The idea of addInstantiatedParametersToScope is so that we can instantiate the body of the function, and refer to the parameters based on the 'old' var decls. That is, if the body of 'f' contained a reference to the version in the primary template, it would get the correct parameter, post instantiation (there is a Decl to Decl association container).

The goofy part there is either the explicit instantiation (I didn't think we needed to do addInstantiatedParametersToScope when explicitly instantiating?!), or the recursive instantiation there. Typically we'd notice that f is already being instantiated and skip it I think?

Its ALSO strange that we're renaming the variable, even in cases where it already has a name?

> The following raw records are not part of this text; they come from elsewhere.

Lemma annihilator_descent n Q : Q != 0 -> (forall v, act Q v = 0) ->
  (forall i, (size (Q`_i)%R <= n.+1)%N) ->
  exists p : {poly K}, p != 0 /\ forall v, cpol p v = 0.
Proof.
elim: n Q => [|n IH] Q Q0 hQ hs.
  exists (map_poly (fun a : {poly K} => a`_0) Q).
  have QE : Q = map_poly polyC (map_poly (fun a : {poly K} => a`_0) Q).
    apply/polyP => i; rewrite coef_map /= coef_map_id0 ?coef0 //.
    exact: size1_polyC.
  split=> [|v]; last by rewrite -act_map_polyC -QE.
  by apply: contraNneq Q0 => p0; rewrite QE p0 map_poly0.
have [hs'|/not_all_ex_not [i hi]] := classic (forall i, (size (Q`_i)%R <= n.+1)%N).
  exact: IH Q Q0 hQ hs'.
pose Qs := map_poly (fun a => a \Po ('X + 1%:P)) Q - Q.
have cQs j : Qs`_j = Q`_j \Po ('X + 1%:P) - Q`_j.
  by rewrite coefB coef_map_id0 // comp_poly0.
apply: (IH Qs).
- apply: contra_notN hi => /eqP Qs0; move: (cQs i); rewrite Qs0 coef0 => /esym/eqP.
  rewrite subr_eq0; apply: contraTT => hi; apply: comp_Xadd1_neq.
  by move: hi; rewrite -ltnNge; lia.
- by move=> v; rewrite polyopB (annihilator_shift _ hQ) hQ subrr.
- move=> j; rewrite cQs; apply: leq_trans (size_comp_XaddC_sub _ _) _.
  by move: (hs j); case: (size _).
Qed.

End Annihilator.

(* With [Q] the product of the denominators [q_j] of the [C x_j], [Q(z) C]
   acts on the spanning family by a matrix over [K[z]]; its characteristic
   polynomial, evaluated at [Q(z) C], is the annihilator. *)
Lemma exists_act_annihilator d (x : 'I_d -> V) :
  (forall v, exists q (ps : 'I_d -> {poly K}),
      q != 0 /\ pev q v = \sum_(i < d) pev (ps i) (x i)) ->
  exists P, P != 0 /\ forall v, act P v = 0.
Proof.
move=> span.
have hx j : exists qp : {poly K} * ('I_d -> {poly K}),
    qp.1 != 0 /\ pev qp.1 (cas (x j)) = \sum_i pev (qp.2 i) (x i).
  by have [q [ps [q0 e]]] := span (cas (x j)); exists (q, ps).
have [qps qpsP] := fin_all_exists hx.
pose Q := \prod_(j < d) (qps j).1.
have Q0 : Q != 0 by apply/prodf_neq0 => j _; case: (qpsP j).
pose CQ v := pev Q (cas v).
have CQ_lin : lin_map CQ :=
  linmap_comp (polyop_scale_lin (L0_lin rho) Q) (casimir_lin rho).
have CQ_L0 v : CQ (l0 v) = l0 (CQ v) by rewrite /CQ casimir_L0 polyop_op.
pose D := pev_endo CQ_lin CQ_L0.
pose B : 'M[{poly K}]_d :=
  \matrix_(j, i) ((\prod_(l < d | l != j) (qps l).1) * (qps j).2 i).
have hB j : op D (x j) = \sum_i sc D (B j i) (x i).
  rewrite /= /CQ /Q (bigD1 j) //= mulrC polyopM (qpsP j).2 polyop_vec_sum.
  by apply: eq_bigr => i _; rewrite mxE polyopM.
pose chi := char_poly B.
have chi_ann v : polyop D chi v = 0.
  have [q [ps [q0 e]]] := span v; apply: (pev_inj _ q0).
  rewrite -[pev q _]/(sc D q _) sc_polyop /= e polyop_vec_sum big1 // => i _.
  by rewrite -[pev _ _]/(sc D (ps i) (x i)) -sc_polyop polyop_char_poly //= polyop_vec0.
have iterD k v : iter k (op D) v = pev (Q ^+ k) (iter k cas v).
  elim: k => [|k IH]; first by rewrite expr0 polyop1.
  by rewrite /= IH /CQ casimir_pev -polyopM -exprS.
exists (\poly_(k < size chi) (chi`_k * Q ^+ k)); split=> [|v].
  exact/poly_monic_dilate_neq0/Q0/char_poly_monic.
rewrite -(chi_ann v) [RHS]/polyop (@polyop_pad _ _ _ _ (size chi)) ?size_poly //.
by apply: eq_bigr => i _; rewrite coef_poly ltn_ord iterD /= polyopM.
Qed.

End TorsionFree.

Lemma rational_casimir_annihilator : rational_mod rho ->
  exists p : {poly K}, p != 0 /\ forall v, cpol p v = 0.
Proof.
move=> hr; have [hbij [vs [_ hspan]]] := hr.
have pev_inj p : p != 0 -> forall v, pev p v = 0 -> v = 0.
  by move=> p0 v; apply: (hbij p p0).1.
have [P [P0 hP]] := exists_act_annihilator pev_inj _ _ (fun v => hspan v I).
apply: (annihilator_descent pev_inj _ P0 hP (\sum_(j < size P) size (P`_j)%R) _ P0 hP).
move=> i; apply: leqW; case: (ltnP i (size P)) => hi.
  by rewrite (bigD1 (Ordinal hi)) //= leq_addr.
by rewrite nth_default // size_poly0.
Qed.

Lemma casimir_kernel_submod r : is_submod rho (fun v => cpol r v = 0).
Proof.
have comm g : lin_map g -> (forall v, cas (g v) = g (cas v)) ->
    forall u, cpol r u = 0 -> cpol r (g u) = 0.
  move=> hg gC u hu; rewrite -(polyop_comm _ _ (linmapD hg)) => [|v|c v] /=.
  - by rewrite hu linmap0.
  - by rewrite gC.
  - by rewrite linmapZ.
split; split.
- exact: polyop_vec0.
- by move=> u v hu hv; rewrite polyop_vecD hu hv addr0.
- by move=> a u hu; rewrite (linmapZ (polyop_scale_lin _ r)) hu scaler0.
- by apply: comm; [exact: rho_e_lin|move=> w; rewrite casimir_e].
- by apply: comm; [exact: rho_f_lin|move=> w; rewrite casimir_f].
- by apply: comm; [exact: rho_h_lin|move=> w; rewrite casimir_h].
Qed.

Lemma cpol_XsubC_exp (mu : K) m v :
  cpol (('X - mu%:P) ^+ m) v = iter m (fun w => cas w - mu *: w) v.
Proof.
elim: m => [|m IH] /=; first by rewrite expr0 polyop1.
by rewrite exprS polyopM IH polyopB polyopX polyop_scaleC.
Qed.

End Sl2Casimir.

Section Sl2Closed.
Context {K : numClosedFieldType} {V : lmodType K} (rho : sl2rep V).
Local Notation cpol := (polyop (scale_endo (casimir_lin rho))).

(* Split off the generalized eigenspace of a root [mu] of [p]; by
   indecomposability one of the two kernels is trivial. *)
Lemma casimir_annihilator_gen_casimir p : p != 0 -> (forall v, cpol p v = 0) ->
  indecomposable rho -> gen_casimir rho.
Proof.
move=> + + [[w [_ w0]] hind].
elim: {p}(size p) {-2}p (leqnn (size p)) => [|n IH] p hs p0 hp.
  by move: hs; rewrite leqn0 size_poly_eq0 (negbTE p0).
have [s1|/closed_rootP [mu rmu]] := eqVneq (size p) 1.
  have pC : p = (p`_0)%:P by apply: size1_polyC; rewrite s1.
  have c0 : p`_0 != 0 by apply: contraNneq p0 => c0; rewrite pC c0.
  move: (hp w); rewrite pC polyop_scaleC => /eqP.
  by rewrite scaler_eq0 (negbTE c0) (negbTE w0).
have [m [q /implyP/(_ p0) rq pE]] := multiplicity_XsubC p mu.
have m0 : (0 < m)%N.
  by rewrite lt0n; apply: contraNneq rq => m0; move: rmu; rewrite pE m0 mulr1.
have q0 : q != 0 by apply: contraNneq p0 => q0; rewrite pE q0 mul0r.
have cop : coprimep (('X - mu%:P) ^+ m) q.
  by rewrite coprimep_sym; apply: coprimep_expr; rewrite coprimep_XsubC.
pose S1 v := cpol (('X - mu%:P) ^+ m) v = 0; pose S2 v := cpol q v = 0.
have hsum : direct_sum (@whole K V) S1 S2.
  by apply: (polyop_coprime_direct_sum _ _ _ cop) => v; rewrite mulrC -pE.
have [n1|n1] := classic (nonzero_on S1).
  have [n2|n2] := classic (nonzero_on S2).
    case: hind; exists S1, S2.
    by split=> //; split=> //; exact: casimir_kernel_submod.
  exists mu, m; split=> // v _; rewrite -cpol_XsubC_exp.
  exact: direct_sum_trivial_r hsum n2 v.
apply: (IH q) => //; last exact: direct_sum_trivial_r (direct_sum_sym hsum) n1.
rewrite -ltnS (leq_trans _ hs) // pE size_mul ?expf_neq0 ?polyXsubC_eq0 //.
by rewrite size_exp_XsubC addnS /= -{1}[size q]addn0 ltn_add2l.
Qed.

Lemma rational_indecomposable_gen_casimir :
  rational_mod rho -> indecomposable rho -> gen_casimir rho.
Proof.
move=> /rational_casimir_annihilator [p [p0 hp]].
exact: casimir_annihilator_gen_casimir p0 hp.
Qed.

Lemma gen_casimir_R_indecomposable :
  gen_casimir rho -> RC_indecomposable rho -> R_indecomposable rho.
Proof.
move=> [mu [n [n0 hn]]]; apply: indec_wrt_mono => S hS; split=> //.
by exists mu, n; split=> // v _; exact: hn.
Qed.

End Sl2Closed.

Theorem proposition6p10 (R : realType) (V : lmodType R[i]) (rho : sl2rep V) :
  (rational_mod rho -> (indecomposable rho <-> R_indecomposable rho)) /\
  (rational_mod rho -> indecomposable rho -> gen_casimir rho) /\
  ((rational_mod rho /\ indecomposable rho) <-> (rational_mod rho /\ R_indecomposable rho)) /\
  ((rational_mod rho /\ R_indecomposable rho) <->
     (rational_gen_casimir rho /\ RC_indecomposable rho)) /\
  ((rational_gen_casimir rho /\ RC_indecomposable rho) <->
     (rational_gen_casimir rho /\ indecomposable rho)).
Proof.
have indE := @rational_indecomposableE _ _ rho.
have gen := @rational_indecomposable_gen_casimir _ _ rho.
have RC_R := @gen_casimir_R_indecomposable _ _ rho.
have R_RC : R_indecomposable rho -> RC_indecomposable rho.
  by apply: indec_wrt_mono => S [].
split=> //; split=> //; split.
  by split=> -[hr hi]; split=> //; apply/(indE hr).
split.
  split=> [[hr /(indE hr) hi]|[[hr hg] /(RC_R hg) hi]]; last by [].
  by split; [split=> //; exact: gen|apply/R_RC/(indE hr)].
by split=> -[[hr hg] hi]; split=> //; [apply/(indE hr)/RC_R|apply/R_RC/(indE hr)].
Qed.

It might be interesting to see what happens if we only do that if it is unnamed? ALSO-ALSO strange that our association is by name, which we are typically pretty smart about being mutable.

EDIT: AH, wait, the storing by name isn't weird, when we consider that is an Identifier Resolver, intending to get from the identifer to the variable. So something else is amiss here.

shafik commented 1 year ago

CC @zygoloid your commit was mentioned above: https://github.com/llvm/llvm-project/commit/a5569f089844209dbea2e3241460173d7b6b1420

ChrisZRJ commented 4 days ago

The idea of addInstantiatedParametersToScope is so that we can instantiate the body of the function, and refer to the parameters based on the 'old' var decls. That is, if the body of 'f' contained a reference to the version in the primary template, it would get the correct parameter, post instantiation (there is a Decl to Decl association container).

The goofy part there is either the explicit instantiation (I didn't think we needed to do addInstantiatedParametersToScope when explicitly instantiating?!), or the recursive instantiation there. Typically we'd notice that f is already being instantiated and skip it I think?

Its ALSO strange that we're renaming the variable, even in cases where it already has a name? It might be interesting to see what happens if we only do that if it is unnamed? ALSO-ALSO strange that our association is by name, which we are typically pretty smart about being mutable.

EDIT: AH, wait, the storing by name isn't weird, when we consider that is an Identifier Resolver, intending to get from the identifer to the variable. So something else is amiss here.

I had the same problem on dealii. The original commit https://github.com/llvm/llvm-project/commit/a5569f089844209dbea2e3241460173d7b6b1420 seems to fix the scenario of "Default arguments refer to parameters of the same function". In this case, the result of Expr *PatternExpr = Param->getUninstantiatedDefaultArg(); is the kind of CXXUnresolvedConstructExpr, and the above case is not.

So i add a conditon isa<CXXUnresolvedConstructExpr>(PatternExpr) berfore calling the addInstantiatedParametersToScope, it seems to work.

I am wondering is this enough to make addInstantiatedParametersToScope work only under the idea of https://github.com/llvm/llvm-project/commit/a5569f089844209dbea2e3241460173d7b6b1420.